=== Record excerpts ===
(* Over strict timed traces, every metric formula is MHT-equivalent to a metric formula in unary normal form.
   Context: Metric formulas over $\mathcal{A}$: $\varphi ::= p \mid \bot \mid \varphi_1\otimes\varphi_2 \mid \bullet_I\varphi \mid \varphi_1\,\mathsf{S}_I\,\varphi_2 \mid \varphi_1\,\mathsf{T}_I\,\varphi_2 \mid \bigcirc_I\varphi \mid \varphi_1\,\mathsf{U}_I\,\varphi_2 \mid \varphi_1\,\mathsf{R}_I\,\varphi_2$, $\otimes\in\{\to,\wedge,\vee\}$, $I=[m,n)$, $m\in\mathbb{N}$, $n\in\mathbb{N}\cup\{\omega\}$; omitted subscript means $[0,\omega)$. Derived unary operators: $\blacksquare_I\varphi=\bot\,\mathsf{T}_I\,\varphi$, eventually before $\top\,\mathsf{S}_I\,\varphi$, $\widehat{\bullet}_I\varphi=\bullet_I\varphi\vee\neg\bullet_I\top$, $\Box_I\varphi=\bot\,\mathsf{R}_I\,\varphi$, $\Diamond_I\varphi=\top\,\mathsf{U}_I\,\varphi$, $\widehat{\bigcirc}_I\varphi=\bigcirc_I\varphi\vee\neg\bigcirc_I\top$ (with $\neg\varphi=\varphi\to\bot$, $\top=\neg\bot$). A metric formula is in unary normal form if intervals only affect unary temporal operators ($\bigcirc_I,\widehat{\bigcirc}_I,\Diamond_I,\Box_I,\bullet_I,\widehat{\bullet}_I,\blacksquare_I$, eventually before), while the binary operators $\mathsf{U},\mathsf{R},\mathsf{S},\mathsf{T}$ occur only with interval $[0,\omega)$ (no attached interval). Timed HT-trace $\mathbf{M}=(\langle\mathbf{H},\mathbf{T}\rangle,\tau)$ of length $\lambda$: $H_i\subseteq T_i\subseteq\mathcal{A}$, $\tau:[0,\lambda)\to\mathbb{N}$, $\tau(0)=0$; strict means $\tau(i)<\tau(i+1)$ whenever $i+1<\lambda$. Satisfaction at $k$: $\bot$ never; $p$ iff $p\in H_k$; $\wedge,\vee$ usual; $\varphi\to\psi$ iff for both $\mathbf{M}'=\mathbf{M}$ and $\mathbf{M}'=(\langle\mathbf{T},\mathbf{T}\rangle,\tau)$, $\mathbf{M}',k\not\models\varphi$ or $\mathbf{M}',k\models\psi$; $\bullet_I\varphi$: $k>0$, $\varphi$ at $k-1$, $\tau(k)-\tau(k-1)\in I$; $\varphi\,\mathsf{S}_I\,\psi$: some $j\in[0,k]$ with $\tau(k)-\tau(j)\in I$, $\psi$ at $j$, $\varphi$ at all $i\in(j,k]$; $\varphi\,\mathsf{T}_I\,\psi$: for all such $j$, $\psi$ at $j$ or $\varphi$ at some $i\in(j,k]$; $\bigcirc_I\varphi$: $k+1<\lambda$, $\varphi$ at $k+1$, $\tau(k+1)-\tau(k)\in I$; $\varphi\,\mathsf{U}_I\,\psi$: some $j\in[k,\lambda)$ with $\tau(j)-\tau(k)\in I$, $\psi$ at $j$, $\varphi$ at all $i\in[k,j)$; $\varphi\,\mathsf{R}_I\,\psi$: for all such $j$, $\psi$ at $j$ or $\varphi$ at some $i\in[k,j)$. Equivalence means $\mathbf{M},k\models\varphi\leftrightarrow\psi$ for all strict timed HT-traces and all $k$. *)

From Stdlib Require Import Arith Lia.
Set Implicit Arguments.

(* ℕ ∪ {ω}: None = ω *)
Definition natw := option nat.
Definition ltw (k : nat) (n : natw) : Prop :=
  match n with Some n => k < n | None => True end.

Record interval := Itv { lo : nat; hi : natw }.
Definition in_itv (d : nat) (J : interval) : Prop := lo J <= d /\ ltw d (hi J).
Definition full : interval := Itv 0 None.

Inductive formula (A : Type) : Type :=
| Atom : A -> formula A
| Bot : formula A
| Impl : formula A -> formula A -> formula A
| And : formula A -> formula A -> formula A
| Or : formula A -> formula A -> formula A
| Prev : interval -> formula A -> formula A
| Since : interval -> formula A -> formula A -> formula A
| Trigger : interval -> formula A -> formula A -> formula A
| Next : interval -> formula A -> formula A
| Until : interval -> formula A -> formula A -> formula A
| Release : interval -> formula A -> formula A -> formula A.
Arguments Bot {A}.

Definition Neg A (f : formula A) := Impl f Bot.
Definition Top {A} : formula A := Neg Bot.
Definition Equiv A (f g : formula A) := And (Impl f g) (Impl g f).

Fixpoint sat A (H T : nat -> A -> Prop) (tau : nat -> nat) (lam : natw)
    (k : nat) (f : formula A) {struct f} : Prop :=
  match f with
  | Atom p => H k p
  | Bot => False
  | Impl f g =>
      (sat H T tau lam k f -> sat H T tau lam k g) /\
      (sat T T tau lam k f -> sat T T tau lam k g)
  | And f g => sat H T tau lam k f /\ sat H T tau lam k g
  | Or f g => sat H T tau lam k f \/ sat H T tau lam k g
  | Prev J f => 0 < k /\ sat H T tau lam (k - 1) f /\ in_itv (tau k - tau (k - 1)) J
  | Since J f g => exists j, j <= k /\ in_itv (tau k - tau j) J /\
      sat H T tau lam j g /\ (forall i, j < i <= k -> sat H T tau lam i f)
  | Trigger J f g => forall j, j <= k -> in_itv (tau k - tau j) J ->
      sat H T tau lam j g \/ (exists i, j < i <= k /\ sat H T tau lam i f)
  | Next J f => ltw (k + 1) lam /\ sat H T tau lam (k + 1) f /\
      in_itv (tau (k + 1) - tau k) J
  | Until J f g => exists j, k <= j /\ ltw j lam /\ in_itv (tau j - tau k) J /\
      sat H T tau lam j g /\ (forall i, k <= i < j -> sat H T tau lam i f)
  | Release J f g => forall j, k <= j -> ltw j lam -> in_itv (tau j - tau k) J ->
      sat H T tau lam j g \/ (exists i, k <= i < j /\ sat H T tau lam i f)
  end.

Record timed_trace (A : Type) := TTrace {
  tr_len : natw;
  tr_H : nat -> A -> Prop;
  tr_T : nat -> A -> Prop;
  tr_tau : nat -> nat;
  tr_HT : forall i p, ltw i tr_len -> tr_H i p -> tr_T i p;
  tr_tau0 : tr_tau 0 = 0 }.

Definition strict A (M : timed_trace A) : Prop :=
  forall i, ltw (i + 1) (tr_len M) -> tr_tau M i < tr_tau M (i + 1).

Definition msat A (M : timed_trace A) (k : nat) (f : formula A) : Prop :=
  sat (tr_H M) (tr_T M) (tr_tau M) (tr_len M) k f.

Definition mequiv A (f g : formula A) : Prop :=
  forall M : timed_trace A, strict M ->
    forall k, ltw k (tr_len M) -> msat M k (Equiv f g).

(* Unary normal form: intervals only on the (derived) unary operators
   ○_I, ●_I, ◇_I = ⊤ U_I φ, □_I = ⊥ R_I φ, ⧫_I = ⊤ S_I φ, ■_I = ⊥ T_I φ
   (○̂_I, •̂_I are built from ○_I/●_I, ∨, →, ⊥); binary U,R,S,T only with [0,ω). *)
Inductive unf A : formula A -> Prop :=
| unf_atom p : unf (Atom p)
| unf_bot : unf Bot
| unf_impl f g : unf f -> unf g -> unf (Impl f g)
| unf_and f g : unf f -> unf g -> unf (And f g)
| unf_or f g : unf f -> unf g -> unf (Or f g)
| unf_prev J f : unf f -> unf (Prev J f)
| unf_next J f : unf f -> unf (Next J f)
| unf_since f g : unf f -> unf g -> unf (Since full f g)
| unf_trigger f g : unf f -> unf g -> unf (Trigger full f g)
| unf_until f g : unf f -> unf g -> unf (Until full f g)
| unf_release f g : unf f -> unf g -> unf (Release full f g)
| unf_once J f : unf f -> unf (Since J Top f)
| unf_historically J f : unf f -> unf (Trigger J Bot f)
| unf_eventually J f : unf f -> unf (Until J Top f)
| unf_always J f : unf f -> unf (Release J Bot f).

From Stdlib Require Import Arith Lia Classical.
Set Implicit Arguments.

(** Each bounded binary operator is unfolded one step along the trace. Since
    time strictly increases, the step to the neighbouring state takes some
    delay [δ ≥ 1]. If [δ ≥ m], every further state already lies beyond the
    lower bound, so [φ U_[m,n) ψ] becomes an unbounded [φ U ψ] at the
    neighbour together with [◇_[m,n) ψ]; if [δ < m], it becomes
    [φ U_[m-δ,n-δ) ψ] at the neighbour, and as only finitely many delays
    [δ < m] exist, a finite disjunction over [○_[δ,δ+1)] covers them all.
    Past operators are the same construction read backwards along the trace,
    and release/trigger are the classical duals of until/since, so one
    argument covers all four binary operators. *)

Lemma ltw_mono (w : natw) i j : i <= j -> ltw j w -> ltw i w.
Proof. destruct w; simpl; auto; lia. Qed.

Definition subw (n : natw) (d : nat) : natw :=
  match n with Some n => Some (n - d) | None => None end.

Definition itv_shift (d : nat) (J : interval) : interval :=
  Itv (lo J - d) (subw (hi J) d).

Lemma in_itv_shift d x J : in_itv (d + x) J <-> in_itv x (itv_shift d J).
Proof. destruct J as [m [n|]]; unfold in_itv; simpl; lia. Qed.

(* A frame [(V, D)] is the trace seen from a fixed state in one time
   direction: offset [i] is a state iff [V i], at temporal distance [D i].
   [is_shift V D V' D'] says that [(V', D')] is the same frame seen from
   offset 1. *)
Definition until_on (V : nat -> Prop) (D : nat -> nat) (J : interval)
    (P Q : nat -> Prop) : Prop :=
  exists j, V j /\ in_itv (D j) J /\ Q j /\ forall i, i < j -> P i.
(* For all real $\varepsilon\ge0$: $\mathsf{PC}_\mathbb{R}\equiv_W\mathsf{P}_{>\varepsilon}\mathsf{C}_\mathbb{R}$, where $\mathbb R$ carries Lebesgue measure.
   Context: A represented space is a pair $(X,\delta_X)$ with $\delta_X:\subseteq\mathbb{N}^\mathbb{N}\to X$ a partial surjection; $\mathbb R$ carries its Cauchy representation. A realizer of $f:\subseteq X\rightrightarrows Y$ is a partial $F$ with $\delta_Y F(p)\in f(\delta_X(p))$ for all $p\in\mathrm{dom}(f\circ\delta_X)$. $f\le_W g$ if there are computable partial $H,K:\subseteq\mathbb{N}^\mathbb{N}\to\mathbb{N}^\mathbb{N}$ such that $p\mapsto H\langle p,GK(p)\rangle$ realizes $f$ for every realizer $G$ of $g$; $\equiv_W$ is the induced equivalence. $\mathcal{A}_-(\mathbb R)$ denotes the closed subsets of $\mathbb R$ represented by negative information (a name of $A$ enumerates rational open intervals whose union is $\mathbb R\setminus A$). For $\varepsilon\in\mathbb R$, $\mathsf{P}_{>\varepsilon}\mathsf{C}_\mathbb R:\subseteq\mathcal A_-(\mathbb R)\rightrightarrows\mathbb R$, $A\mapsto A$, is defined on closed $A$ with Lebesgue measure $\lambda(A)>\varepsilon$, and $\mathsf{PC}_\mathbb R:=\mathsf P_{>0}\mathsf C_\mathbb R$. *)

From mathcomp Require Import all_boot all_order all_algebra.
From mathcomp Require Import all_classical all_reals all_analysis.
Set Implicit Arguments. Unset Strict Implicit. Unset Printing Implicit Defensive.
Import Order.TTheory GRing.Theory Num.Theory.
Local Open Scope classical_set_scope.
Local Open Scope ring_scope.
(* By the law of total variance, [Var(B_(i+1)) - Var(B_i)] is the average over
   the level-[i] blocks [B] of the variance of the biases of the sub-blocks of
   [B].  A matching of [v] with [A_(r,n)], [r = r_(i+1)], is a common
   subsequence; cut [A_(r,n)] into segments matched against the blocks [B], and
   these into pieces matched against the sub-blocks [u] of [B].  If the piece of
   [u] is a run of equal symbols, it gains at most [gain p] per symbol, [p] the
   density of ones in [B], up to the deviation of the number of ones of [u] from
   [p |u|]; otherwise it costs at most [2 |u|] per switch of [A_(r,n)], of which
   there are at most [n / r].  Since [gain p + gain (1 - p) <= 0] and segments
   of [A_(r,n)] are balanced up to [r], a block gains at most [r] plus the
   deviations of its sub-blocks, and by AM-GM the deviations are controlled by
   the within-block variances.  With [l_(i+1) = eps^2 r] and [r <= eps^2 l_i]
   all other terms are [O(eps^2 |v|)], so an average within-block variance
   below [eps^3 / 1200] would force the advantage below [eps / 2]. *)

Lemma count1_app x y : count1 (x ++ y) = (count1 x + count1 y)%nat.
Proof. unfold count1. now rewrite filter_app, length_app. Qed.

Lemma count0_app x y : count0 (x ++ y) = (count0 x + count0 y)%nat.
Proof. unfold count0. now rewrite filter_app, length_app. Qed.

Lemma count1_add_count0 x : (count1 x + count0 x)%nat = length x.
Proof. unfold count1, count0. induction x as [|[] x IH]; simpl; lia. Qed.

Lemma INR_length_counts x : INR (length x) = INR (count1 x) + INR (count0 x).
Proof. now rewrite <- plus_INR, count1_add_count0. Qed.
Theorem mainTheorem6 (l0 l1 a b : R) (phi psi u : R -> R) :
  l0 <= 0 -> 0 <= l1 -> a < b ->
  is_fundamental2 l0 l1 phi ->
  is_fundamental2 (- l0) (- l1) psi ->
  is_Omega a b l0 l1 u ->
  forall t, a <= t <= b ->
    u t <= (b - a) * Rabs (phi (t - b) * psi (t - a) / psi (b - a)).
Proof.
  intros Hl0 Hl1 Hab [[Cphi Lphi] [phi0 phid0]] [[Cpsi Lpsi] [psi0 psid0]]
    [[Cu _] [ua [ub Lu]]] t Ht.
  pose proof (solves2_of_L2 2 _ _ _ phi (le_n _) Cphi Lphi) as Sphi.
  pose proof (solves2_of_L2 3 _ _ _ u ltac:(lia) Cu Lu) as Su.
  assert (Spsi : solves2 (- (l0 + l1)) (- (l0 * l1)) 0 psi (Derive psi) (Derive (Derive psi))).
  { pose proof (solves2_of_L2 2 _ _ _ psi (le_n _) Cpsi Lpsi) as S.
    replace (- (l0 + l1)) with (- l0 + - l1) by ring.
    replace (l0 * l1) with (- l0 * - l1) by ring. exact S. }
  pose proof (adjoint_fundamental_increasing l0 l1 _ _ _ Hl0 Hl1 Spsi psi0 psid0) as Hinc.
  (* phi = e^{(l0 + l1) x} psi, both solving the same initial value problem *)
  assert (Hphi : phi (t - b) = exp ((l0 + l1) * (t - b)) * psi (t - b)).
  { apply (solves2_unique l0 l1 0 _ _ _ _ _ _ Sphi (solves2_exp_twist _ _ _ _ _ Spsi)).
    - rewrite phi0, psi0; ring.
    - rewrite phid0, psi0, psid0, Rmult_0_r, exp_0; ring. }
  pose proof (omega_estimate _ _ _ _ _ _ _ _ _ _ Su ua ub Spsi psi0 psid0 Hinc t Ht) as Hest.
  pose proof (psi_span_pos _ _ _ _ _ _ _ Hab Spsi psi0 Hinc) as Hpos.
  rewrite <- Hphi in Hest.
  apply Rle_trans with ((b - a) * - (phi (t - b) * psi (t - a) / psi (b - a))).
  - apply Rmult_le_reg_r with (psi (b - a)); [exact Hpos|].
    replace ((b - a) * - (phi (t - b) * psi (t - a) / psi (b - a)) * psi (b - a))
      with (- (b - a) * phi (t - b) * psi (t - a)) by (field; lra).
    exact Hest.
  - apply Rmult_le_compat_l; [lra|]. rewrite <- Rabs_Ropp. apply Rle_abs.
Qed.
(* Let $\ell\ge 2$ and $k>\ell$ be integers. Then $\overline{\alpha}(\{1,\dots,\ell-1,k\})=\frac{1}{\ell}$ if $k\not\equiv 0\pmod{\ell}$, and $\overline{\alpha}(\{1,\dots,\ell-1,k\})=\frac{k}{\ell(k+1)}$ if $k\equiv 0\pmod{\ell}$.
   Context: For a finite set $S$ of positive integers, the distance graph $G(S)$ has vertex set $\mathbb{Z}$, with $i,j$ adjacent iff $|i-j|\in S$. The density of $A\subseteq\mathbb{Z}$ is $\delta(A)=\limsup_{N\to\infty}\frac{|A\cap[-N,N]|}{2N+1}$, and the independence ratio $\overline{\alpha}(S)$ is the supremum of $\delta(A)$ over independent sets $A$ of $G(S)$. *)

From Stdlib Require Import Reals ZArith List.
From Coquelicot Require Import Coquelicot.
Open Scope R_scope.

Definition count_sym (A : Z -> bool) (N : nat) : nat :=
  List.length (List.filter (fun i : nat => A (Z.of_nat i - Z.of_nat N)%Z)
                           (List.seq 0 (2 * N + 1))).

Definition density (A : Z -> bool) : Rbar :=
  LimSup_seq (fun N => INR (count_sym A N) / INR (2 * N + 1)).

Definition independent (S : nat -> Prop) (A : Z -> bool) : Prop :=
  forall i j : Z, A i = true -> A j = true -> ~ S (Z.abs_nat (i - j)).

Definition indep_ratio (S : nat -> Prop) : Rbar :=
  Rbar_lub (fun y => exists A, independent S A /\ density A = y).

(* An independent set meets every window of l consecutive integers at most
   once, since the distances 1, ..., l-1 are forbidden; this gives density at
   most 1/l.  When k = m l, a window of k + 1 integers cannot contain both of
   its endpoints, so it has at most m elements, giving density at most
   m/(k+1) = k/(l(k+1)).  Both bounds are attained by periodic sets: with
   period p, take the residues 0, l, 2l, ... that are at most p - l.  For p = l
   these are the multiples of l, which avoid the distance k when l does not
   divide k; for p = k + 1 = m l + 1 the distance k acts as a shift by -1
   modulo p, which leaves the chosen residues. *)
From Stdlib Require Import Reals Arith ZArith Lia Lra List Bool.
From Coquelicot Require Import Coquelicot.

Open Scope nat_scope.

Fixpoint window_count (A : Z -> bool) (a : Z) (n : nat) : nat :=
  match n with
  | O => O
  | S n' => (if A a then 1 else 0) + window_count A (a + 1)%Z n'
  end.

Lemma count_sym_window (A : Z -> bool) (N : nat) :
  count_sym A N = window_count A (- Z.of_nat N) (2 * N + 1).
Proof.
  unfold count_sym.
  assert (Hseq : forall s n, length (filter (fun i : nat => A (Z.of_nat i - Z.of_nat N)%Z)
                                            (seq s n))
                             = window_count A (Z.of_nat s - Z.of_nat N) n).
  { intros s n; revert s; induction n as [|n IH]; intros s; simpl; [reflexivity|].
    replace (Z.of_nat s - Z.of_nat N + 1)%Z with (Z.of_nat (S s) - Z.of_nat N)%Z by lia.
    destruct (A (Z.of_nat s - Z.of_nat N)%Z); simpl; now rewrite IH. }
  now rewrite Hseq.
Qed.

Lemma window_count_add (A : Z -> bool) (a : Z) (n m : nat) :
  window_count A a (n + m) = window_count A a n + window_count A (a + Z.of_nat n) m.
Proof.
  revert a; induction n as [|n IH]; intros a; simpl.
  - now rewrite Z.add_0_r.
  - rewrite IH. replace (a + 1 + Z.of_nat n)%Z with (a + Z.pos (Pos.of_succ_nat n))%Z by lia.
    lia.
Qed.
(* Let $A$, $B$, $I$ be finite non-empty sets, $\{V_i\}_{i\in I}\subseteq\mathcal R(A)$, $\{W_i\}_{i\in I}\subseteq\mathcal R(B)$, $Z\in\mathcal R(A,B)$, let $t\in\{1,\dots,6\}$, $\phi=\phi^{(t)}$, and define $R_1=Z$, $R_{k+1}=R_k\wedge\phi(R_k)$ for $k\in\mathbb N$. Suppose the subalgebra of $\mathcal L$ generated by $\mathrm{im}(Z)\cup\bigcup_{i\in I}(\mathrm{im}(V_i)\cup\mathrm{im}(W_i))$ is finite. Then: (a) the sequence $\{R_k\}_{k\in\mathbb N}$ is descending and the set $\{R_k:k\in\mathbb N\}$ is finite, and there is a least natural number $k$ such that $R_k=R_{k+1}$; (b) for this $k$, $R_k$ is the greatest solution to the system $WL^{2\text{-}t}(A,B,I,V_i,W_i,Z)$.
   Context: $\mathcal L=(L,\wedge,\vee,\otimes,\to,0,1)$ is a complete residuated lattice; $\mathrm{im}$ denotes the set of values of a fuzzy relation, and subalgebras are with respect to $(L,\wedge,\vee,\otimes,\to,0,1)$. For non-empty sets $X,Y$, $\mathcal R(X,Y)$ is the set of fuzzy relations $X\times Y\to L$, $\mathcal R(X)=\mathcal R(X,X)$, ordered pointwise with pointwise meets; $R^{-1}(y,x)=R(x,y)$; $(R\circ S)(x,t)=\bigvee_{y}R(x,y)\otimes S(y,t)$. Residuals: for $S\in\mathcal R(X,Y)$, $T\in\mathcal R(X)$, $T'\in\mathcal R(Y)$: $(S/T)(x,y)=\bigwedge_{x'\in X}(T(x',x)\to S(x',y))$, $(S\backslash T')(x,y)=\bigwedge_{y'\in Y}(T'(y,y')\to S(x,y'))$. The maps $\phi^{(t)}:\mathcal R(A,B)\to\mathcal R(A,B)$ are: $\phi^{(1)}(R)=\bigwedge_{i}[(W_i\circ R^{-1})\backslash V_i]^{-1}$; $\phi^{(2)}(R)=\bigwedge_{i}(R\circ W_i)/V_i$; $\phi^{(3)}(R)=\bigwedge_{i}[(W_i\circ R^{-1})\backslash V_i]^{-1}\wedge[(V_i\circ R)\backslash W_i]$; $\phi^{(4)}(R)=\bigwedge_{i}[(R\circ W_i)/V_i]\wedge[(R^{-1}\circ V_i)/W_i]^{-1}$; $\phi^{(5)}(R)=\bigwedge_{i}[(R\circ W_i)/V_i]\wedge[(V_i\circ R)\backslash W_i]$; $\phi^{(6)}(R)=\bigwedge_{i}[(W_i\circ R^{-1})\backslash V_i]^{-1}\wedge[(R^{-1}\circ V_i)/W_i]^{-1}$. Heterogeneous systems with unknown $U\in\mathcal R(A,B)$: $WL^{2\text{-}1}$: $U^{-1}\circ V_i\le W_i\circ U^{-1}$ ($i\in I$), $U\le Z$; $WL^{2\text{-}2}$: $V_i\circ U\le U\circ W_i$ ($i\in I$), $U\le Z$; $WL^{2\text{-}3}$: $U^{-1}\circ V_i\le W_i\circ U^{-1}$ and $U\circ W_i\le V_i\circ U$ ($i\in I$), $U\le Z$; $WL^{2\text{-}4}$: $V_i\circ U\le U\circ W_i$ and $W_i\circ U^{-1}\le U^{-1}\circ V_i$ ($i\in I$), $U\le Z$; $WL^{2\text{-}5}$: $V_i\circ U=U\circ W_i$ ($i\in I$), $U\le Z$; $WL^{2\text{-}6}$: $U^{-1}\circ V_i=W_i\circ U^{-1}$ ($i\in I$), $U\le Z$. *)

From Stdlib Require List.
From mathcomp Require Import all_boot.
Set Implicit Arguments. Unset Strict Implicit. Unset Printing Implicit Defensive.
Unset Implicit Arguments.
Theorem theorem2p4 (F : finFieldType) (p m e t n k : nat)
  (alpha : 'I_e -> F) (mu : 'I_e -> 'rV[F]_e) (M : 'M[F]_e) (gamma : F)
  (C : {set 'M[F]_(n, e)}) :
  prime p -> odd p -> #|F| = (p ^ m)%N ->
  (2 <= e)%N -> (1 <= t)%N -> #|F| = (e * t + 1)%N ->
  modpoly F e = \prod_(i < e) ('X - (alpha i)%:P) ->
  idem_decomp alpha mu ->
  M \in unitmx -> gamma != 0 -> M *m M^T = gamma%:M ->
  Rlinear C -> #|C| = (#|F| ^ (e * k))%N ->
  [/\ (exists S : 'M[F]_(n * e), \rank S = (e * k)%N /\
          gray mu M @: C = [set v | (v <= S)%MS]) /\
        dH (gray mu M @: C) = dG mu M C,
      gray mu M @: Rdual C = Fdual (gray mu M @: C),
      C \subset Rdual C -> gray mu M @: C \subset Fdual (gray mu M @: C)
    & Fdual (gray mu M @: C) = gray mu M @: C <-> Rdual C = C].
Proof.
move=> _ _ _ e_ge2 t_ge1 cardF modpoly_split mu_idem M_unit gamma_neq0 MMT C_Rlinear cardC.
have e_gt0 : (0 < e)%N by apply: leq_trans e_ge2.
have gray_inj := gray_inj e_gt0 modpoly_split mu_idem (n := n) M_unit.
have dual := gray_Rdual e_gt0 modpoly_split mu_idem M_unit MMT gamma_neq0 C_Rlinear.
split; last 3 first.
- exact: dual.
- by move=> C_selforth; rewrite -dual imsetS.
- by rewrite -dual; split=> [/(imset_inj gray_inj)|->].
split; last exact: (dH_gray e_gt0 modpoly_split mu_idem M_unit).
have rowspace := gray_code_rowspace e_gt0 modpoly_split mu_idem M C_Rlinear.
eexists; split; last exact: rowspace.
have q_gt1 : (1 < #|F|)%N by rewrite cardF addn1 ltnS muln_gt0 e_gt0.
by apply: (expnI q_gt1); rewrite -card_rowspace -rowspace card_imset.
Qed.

=== Exercise ===
Give an exact copy of the lines above from the line with "with (- (b - a)" up to and including the line with "(* Let $\ell\ge", and leave everything else out.

=== Answer to this task ===
      with (- (b - a) * phi (t - b) * psi (t - a)) by (field; lra).
    exact Hest.
  - apply Rmult_le_compat_l; [lra|]. rewrite <- Rabs_Ropp. apply Rle_abs.
Qed.
(* Let $\ell\ge 2$ and $k>\ell$ be integers. Then $\overline{\alpha}(\{1,\dots,\ell-1,k\})=\frac{1}{\ell}$ if $k\not\equiv 0\pmod{\ell}$, and $\overline{\alpha}(\{1,\dots,\ell-1,k\})=\frac{k}{\ell(k+1)}$ if $k\equiv 0\pmod{\ell}$.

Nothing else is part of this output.